On Wed, Mar 23, 2016 at 9:56 PM, David Beck <dbeck at ualberta.ca> wrote:

> Hi, Fritz
> I haven’t really been tracking the theory much since the late ‘90s, but
> I’m not sure that it is true that linearization does “take place” at PF,
> since a tremendous amount of argumentation (pretty much all of it) in this
> syntactic framework still depends on moving things around in the syntactic
> tree (which I always understood to be pre-PF) to get the surface order. So
> even though X-bar is offically gone, most of the papers I see still use the
> same assumptions about binary branching and head-complement ordering at
> D-structure, and use the same kind of movement rules (I guess it’s only one
> kind these days, but it does pretty much the same job). These papers
> generally argue for a particular phrase being moved or not in the syntactic
> tree based on where it is linearized in the sentence.
> But even if the final tree-structure before Spell-Out reflects the linear
> order of the sentence, I think that your point is correct, ‘basic order’
> isn’t going to be a very coherent or clearly defined concept, since
> surface-order is going to be determined on a construction-specific basis
> (depending on which heads have to move to check which phi-features, what
> barriers there are in a given construction to the movements, which landing
> sites are available, etc.).

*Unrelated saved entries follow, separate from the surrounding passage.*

Lemma hyp2F1_series_hyp_coef (x : R) :
  hyp2F1_series (INR n + /2) (INR n + 1) (INR n + 3/2) x = PSeries hyp_coef x.
Proof.
  apply Series_ext. intros k. unfold hyp_coef, inv_pow_coef.
  pose proof (poch_shift (INR n + /2) k) as Hshift.
  replace (INR n + /2 + 1) with (INR n + 3/2) in Hshift by field.
  pose proof (pos_INR n). pose proof (pos_INR k). pose proof (INR_fact_neq_0 k).
  assert (0 < poch (INR n + 3/2) k) by (apply poch_pos; lra).
  apply (Rmult_eq_reg_l (poch (INR n + 3/2) k * (INR n + /2 + INR k))); [|nra].
  unfold scal; simpl; unfold mult; simpl.
  transitivity ((poch (INR n + /2) k * (INR n + /2 + INR k)) * poch (INR n + 1) k
                / INR (Factorial.fact k) * x ^ k); [field; lra|].
  rewrite Hshift. field. lra.
Qed.

Lemma in_disk_inv_pow_coef (y : R) : Rabs y < 1 -> Rbar_lt (Rabs y) (CV_radius inv_pow_coef).
Proof. intros Hy. now rewrite CV_radius_inv_pow_coef. Qed.

Lemma in_disk_hyp_coef (y : R) : Rabs y < 1 -> Rbar_lt (Rabs y) (CV_radius hyp_coef).
Proof. intros Hy. eapply Rbar_lt_le_trans; [|apply CV_radius_hyp_coef]. exact Hy. Qed.
Lemma step_error_le t n w :
  `|\sum_v \sum_u (flow t v u - chi t v * P v u) * ((P ^+ n) u w - pi w)|
    <= (Delta_bar delta)%:R / pi_min pi * (pi w * dist_pi P pi w n).
Proof.
set Dl := (Delta_bar delta)%:R : rat.
apply: le_trans (ler_norm_sum _ _ _) _.
apply: (@le_trans _ _ (\sum_v \sum_u Dl * P v u * `|(P ^+ n) u w - pi w|)).
  apply: ler_sum => v _; apply: le_trans (ler_norm_sum _ _ _) _; apply: ler_sum => u _.
  by rewrite normrM; apply: ler_wpM2r => //; exact: flow_deviation.
rewrite exchange_big /= -weighted_column_dist // mulr_sumr; apply: ler_sum => u _.
rewrite -mulr_suml -mulr_sumr.
set A := `|_ - _|; have -> : Dl / pi_min pi * (pi u * A) = Dl * (pi u / pi_min pi) * A by ring.
apply: ler_wpM2r; first exact: normr_ge0.
by apply: ler_wpM2l => //; exact: column_sum_le.
Qed.

End Discrepancy.

Unset Implicit Arguments.

Lemma sum_ord_rev (F : nat -> rat) T : \sum_(t < T) F (T - t.+1)%N = \sum_(t < T) F t.
Proof. by rewrite -(big_mkord xpredT F) big_rev_mkord subn0. Qed.

Theorem theorem5p10 (N : nat) (P : 'M[rat]_N) (pi : 'I_N -> rat) (tstar : nat)
  (delta : 'I_N -> nat) (sigma : 'I_N -> nat -> 'I_N) (chi0 : 'I_N -> nat) :
  stochastic P -> ergodic P -> stationary P pi -> reversible P pi ->
  is_mixing_rate P pi tstar ->
  valid_delta P delta -> valid_rotor P delta sigma ->
  forall (w : 'I_N) (T : nat),
    `| (rr_chi sigma chi0 T w)%:R - rr_mu P chi0 T w |
      <= 3%:R * pi w / pi_min pi * tstar%:R * (Delta_bar delta)%:R.
Proof.
move=> HP Herg Hpi Hrev Hmix Hd Hr w T.
rewrite (discrepancy_decomposition sigma chi0 HP pi T w).
apply: le_trans (ler_norm_sum _ _ _) _.
apply: (@le_trans _ _ (\sum_(t < T) (Delta_bar delta)%:R / pi_min pi *
                              (pi w * dist_pi P pi w (T - t.+1)))).
  by apply: ler_sum => t _; exact: (step_error_le chi0 HP Hd Hr Herg.1 Hpi Hrev).
rewrite -mulr_sumr -mulr_sumr (sum_ord_rev (dist_pi P pi w)).
have c_ge0 : 0 <= (Delta_bar delta)%:R / pi_min pi * pi w.
  by rewrite mulr_ge0 ?divr_ge0 ?(ltW (pi_min_pos HP Hpi Herg.1)) ?(Hpi.1 w).
rewrite mulrA; apply: le_trans (ler_wpM2l c_ge0 (sum_dist_pi_le w T HP Herg Hpi Hmix)) _.
by rewrite le_eqVlt; apply/orP; left; apply/eqP; ring.
Qed.
Lemma avg_revealed_errs_ge (R : realType) w (A : det_alg R w) : (1 <= w)%N ->
  (2 ^ w)%:R / 4 <= avg_xc (fun x c => (num_revealed A x c)%:R : R)
                    + (2 ^ w)%:R * avg_xc (fun x c => (errs A x c)%:R : R).
Proof.
move=> w_gt0; rewrite -avg_xcDZ; apply: avg_xc_ge => c.
have count : (2 ^ w * #|{: tinput w}| <=
    4 * (\sum_x num_revealed A x c + 2 ^ w * \sum_x (errs A x c : nat)))%N.
  apply: leq_trans (leq_mul (leqnn _) (card_tinput_le_tribes_zero w_gt0)) _.
  by rewrite mulnCA leq_mul2l count_zero_inputs orbT.
have -> : \sum_x ((num_revealed A x c)%:R + (2 ^ w)%:R * (errs A x c)%:R) =
    (\sum_x num_revealed A x c + 2 ^ w * \sum_x (errs A x c : nat))%N%:R :> R.
  by rewrite natrD natrM !natr_sum big_split /= mulr_sumr.
move: count; rewrite -(ler_nat R) !natrM; lra.
Qed.

Lemma integral_ge_of_pointwise (R : realType) d (Om : measurableType d)
    (P : probability Om R) (r e : Om -> R) (a N eps : R) :
  measurable_fun setT r -> measurable_fun setT e ->
  (forall om, 0 <= r om) -> (forall om, 0 <= e om) -> 0 <= a -> 0 <= N ->
  (forall om, a <= r om + N * e om) ->
  (\int[P]_om (e om)%:E <= eps%:E)%E ->
  ((a - N * eps)%:E <= \int[P]_om (r om)%:E)%E.
Proof.
move=> mr me r0 e0 a0 N0 hle he.
have mNe : measurable_fun setT (fun om => N * e om) by apply: measurable_funM.
have int_a : (a%:E <= \int[P]_om (r om + N * e om)%:E)%E.
  rewrite -[a%:E]mule1 -(probability_setT P) -integral_cst //.
  apply: ge0_le_integral => //= [|om _]; last by rewrite lee_fin.
  exact/measurable_EFinP/measurable_funD.
have int_split : (\int[P]_om (r om + N * e om)%:E =
    \int[P]_om (r om)%:E + N%:E * \int[P]_om (e om)%:E)%E.
{ under eq_integral do rewrite EFinD EFinM.
  rewrite ge0_integralD //= ?ge0_integralZl //=.
  all: by [move=> om _; rewrite lee_fin ?mulr_ge0 | exact/measurable_EFinP]. }
rewrite EFinB leeBlDr // EFinM; apply: le_trans int_a _; rewrite int_split.
by rewrite leeD2l // lee_wpmul2l ?lee_fin.
Qed.

Theorem mainTheorem13 (R : realType) (eps0 : R) :
  0 <= eps0 -> eps0 < 4^-1 ->
  exists C : R, 0 < C /\
    forall (w : nat), (1 <= w)%N ->
    forall (d : measure_display) (Om : measurableType d) (P : probability Om R)
           (A : Om -> det_alg R w),
      randomized_alg A ->
      (error_prob P A <= eps0%:E)%E ->
      ((C * (2 ^ w)%:R)%:E <= expected_revealed P A)%E.
Proof.
move=> _ eps0_lt; exists (4^-1 - eps0); split; first by rewrite subr_gt0.
move=> w w_gt0 d Om P A [_ m_errs m_revealed] small_error.
have -> : (4^-1 - eps0) * (2 ^ w)%:R = (2 ^ w)%:R / 4 - (2 ^ w)%:R * eps0 by ring.
apply: integral_ge_of_pointwise small_error.
- exact: measurable_avg_xc m_revealed.
- exact: measurable_avg_xc m_errs.
- by move=> om; apply: avg_xc_ge0.
- by move=> om; apply: avg_xc_ge0.
- by rewrite divr_ge0.
- exact: ler0n.
- by move=> om; apply: avg_revealed_errs_ge.
Qed.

So Irish is VSO in a certain type of clause
> because the requirements for feature-checking move V ahead of S, and that
> movement might be blocked in another type of clause where the conditions
> are different, or other conditions might move-S ahead of V in another
> construction, etc. I would guess that the only way to postulate a “basic”
> order for the language would be to talk in terms of the order that requires
> the fewest movements, or requires the fewest “special” conditions
> regulating movement (which is kind of the way everyone else does it, too).
> David
> > On Mar 23, 2016, at 1:47 PM, fjn at uw.edu wrote:
> >
> > Dear Lingtyp,
> >
> > I’m not sure how many formal linguists read this list, but some of you
> might have thought about this issue or have seen a reference. Do you know
> if anybody has taken on the question of 'basic word order' (VSO, OSV, etc.)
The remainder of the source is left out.